[WHAT TO WORK ON]: From the records below, please return each line that holds the word "setD".

TASK MATERIAL: Begin

(* Let $(\mathcal{E},\mathcal{L},\mathcal{B})$ be a weakly left resolving labelled space whose accommodating family $\mathcal{B}$ is closed under relative complements, let $S$ be its associated inverse semigroup, and let $\xi$ be a filter in $E(S)$ of finite type with word $\alpha\in\mathcal{L}^*$. Then $\xi$ is tight if and only if $\xi_{|\alpha|}$ is an ultrafilter in $\mathcal{B}_\alpha$ and at least one of the following holds: (a) there is a net $\{\mathcal{F}_\lambda\}_{\lambda\in\Lambda}\subseteq X_\alpha^{sink}$ converging to $\xi_{|\alpha|}$; (b) there is a net $\{(t_\lambda,\mathcal{F}_\lambda)\}_{\lambda\in\Lambda}$ with $t_\lambda\in\mathcal{A}$ and $\mathcal{F}_\lambda\in X_{\alpha t_\lambda}$ for each $\lambda$, such that $\{f_{\alpha[t_\lambda]}(\mathcal{F}_\lambda)\}_{\lambda\in\Lambda}$ converges to $\xi_{|\alpha|}$ and for every $b\in\mathcal{A}$ there is $\lambda_b\in\Lambda$ with $t_\lambda\neq b$ for all $\lambda\ge\lambda_b$.
   Context: A directed graph $\mathcal{E}=(\mathcal{E}^0,\mathcal{E}^1,r,s)$ has countable nonempty vertex set, edge set, range/source maps; paths satisfy $r(\lambda_i)=s(\lambda_{i+1})$. A labelled graph over the alphabet $\mathcal{A}$ has a surjective labelling $\mathcal{L}:\mathcal{E}^1\to\mathcal{A}$ extended letterwise to paths. $\omega$ is the empty word, $\mathcal{L}^+=\bigcup_{n\ge1}\mathcal{L}(\mathcal{E}^n)$, $\mathcal{L}^*=\{\omega\}\cup\mathcal{L}^+$; $\alpha_{i,j}=\alpha_i\cdots\alpha_j$, $\alpha_{1,0}=\omega$. For $A\subseteq\mathcal{E}^0$ and a word $\beta$ (in particular a letter $b$): $r(A,\beta)=\{r(\lambda):\mathcal{L}(\lambda)=\beta,\ s(\lambda)\in A\}$, $r(A,\omega)=A$, $r(\beta)=r(\mathcal{E}^0,\beta)$. $\mathcal{B}$ accommodating: closed under $r(\cdot,\alpha)$, finite intersections and unions, contains $r(\alpha)$ for $\alpha\in\mathcal{L}^+$; labelled space weakly left resolving if $r(A\cap B,\alpha)=r(A,\alpha)\cap r(B,\alpha)$ for $A,B\in\mathcal{B}$, $\alpha\in\mathcal{L}^+$. $\mathcal{B}_\alpha=\mathcal{B}\cap\mathcal{P}(r(\alpha))$, $\mathcal{B}_\omega=\mathcal{B}$. $S$ = triples $(\alpha,A,\beta)$, $\alpha,\beta\in\mathcal{L}^*$, $\emptyset\ne A\in\mathcal{B}_\alpha\cap\mathcal{B}_\beta$, plus $0$; product $(\alpha,A,\beta)(\gamma,B,\delta)=(\alpha\gamma',r(A,\gamma')\cap B,\delta)$ if $\gamma=\beta\gamma'$, $=(\alpha,A\cap r(B,\beta'),\delta\beta')$ if $\beta=\gamma\beta'$, $=0$ otherwise (empty middle entry identified with $0$). $E(S)=\{(\alpha,A,\alpha)\}\cup\{0\}$, $p\le q$ iff $pq=p$. A filter in a poset with least element $0$ is a nonempty upward-closed subset not containing $0$ in which any two elements have a common lower bound in it; an ultrafilter is a maximal filter. A filter $\xi$ in $E(S)$ is of finite type with word $\alpha$ if $\alpha$ is the longest word among the words $\beta$ with $(\beta,B,\beta)\in\xi$; $\xi_n=\{A\in\mathcal{B}:(\alpha_{1,n},A,\alpha_{1,n})\in\xi\}$. For $x\in E(S)$, $Z\subseteq\{y:y\le x\}$ is a cover of $x$ if every nonzero $y\le x$ has $zy\neq0$ for some $z\in Z$; $\xi$ is tight if $Z\cap\xi\neq\emptyset$ for every $x\in\xi$ and every finite cover $Z$ of $x$. For $\alpha\in\mathcal{L}^*$, $X_\alpha$ is the set of ultrafilters in $\mathcal{B}_\alpha$ (under inclusion) and $X_\alpha^{sink}=\{\mathcal{F}\in X_\alpha:\ \forall b\in\mathcal{A}\ \exists A\in\mathcal{F}\text{ with } r(A,b)=\emptyset\}$. For a letter $t$ with $\alpha t\in\mathcal{L}^*$ and $\mathcal{F}\in X_{\alpha t}$, $f_{\alpha[t]}(\mathcal{F})=\{A\in\mathcal{B}_\alpha: r(A,t)\in\mathcal{F}\}$ (an element of $X_\alpha$, or possibly $\emptyset$ when $\alpha=\omega$). Convergence of a net of subsets $\mathcal{F}_\lambda$ of $\mathcal{B}_\alpha$ to $\mathcal{F}$ means: for each $A\in\mathcal{B}_\alpha$ there is $\lambda_0$ with $A\in\mathcal{F}_\lambda\Leftrightarrow A\in\mathcal{F}$ for all $\lambda\ge\lambda_0$. *)

From mathcomp Require Import ssreflect ssrfun ssrbool eqtype ssrnat seq choice path.
From Stdlib Require Import ClassicalEpsilon.

(* A directed graph with countable vertex and edge sets, labelled over a
   (countable) alphabet. Nonemptiness of the vertex set and surjectivity of
   the labelling are hypotheses of the main theorem. *)
Record lgraph := LGraph {
  vtx : countType;
  edg : countType;
  alph : countType;
  rng : edg -> vtx;
  src : edg -> vtx;
  lab : edg -> alph
}.
Arguments rng {l}.
Arguments src {l}.
Arguments lab {l}.

Section LS.
Variable G : lgraph.
Local Notation V := (vtx G).
Local Notation E := (edg G).
Local Notation A := (alph G).

Definition vset := V -> Prop.
Definition word := seq A.

Definition is_path (e : E) (p : seq E) : Prop :=
  path (fun e1 e2 : E => @rng G e1 == @src G e2) e p.

Definition Lplus (w : word) : Prop :=
  exists e p, is_path e p /\ map lab (e :: p) = w.
Definition Lstar (w : word) : Prop := w = [::] \/ Lplus w.

Definition rr (X : vset) (beta : word) : vset :=
  match beta with
  | [::] => X
  | _ :: _ => fun v => exists e p, is_path e p /\ map lab (e :: p) = beta
                        /\ X (src e) /\ rng (last e p) = v
  end.

Definition rw (beta : word) : vset := rr (fun _ => True) beta.

Definition setI (X Y : vset) : vset := fun v => X v /\ Y v.
Definition setU (X Y : vset) : vset := fun v => X v \/ Y v.
Definition setD (X Y : vset) : vset := fun v => X v /\ ~ Y v.
Definition subs (X Y : vset) : Prop := forall v, X v -> Y v.
Definition nonempty (X : vset) : Prop := exists v, X v.

Variable B : vset -> Prop.

Definition accommodating : Prop :=
  (forall X alpha, B X -> Lstar alpha -> B (rr X alpha)) /\
  (forall X Y, B X -> B Y -> B (setI X Y)) /\
  (forall X Y, B X -> B Y -> B (setU X Y)) /\
  (forall alpha, Lplus alpha -> B (rw alpha)).

Definition weakly_left_resolving : Prop :=
  forall X Y alpha, B X -> B Y -> Lplus alpha ->
    rr (setI X Y) alpha = setI (rr X alpha) (rr Y alpha).

Definition relcomp_closed : Prop :=
  forall X Y, B X -> B Y -> B (setD X Y).

Definition Bsub (alpha : word) (X : vset) : Prop := B X /\ subs X (rw alpha).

TASK MATERIAL: End

[EXERCISE SOLUTION]:
Definition setD (X Y : vset) : vset := fun v => X v /\ ~ Y v.
  forall X Y, B X -> B Y -> B (setD X Y).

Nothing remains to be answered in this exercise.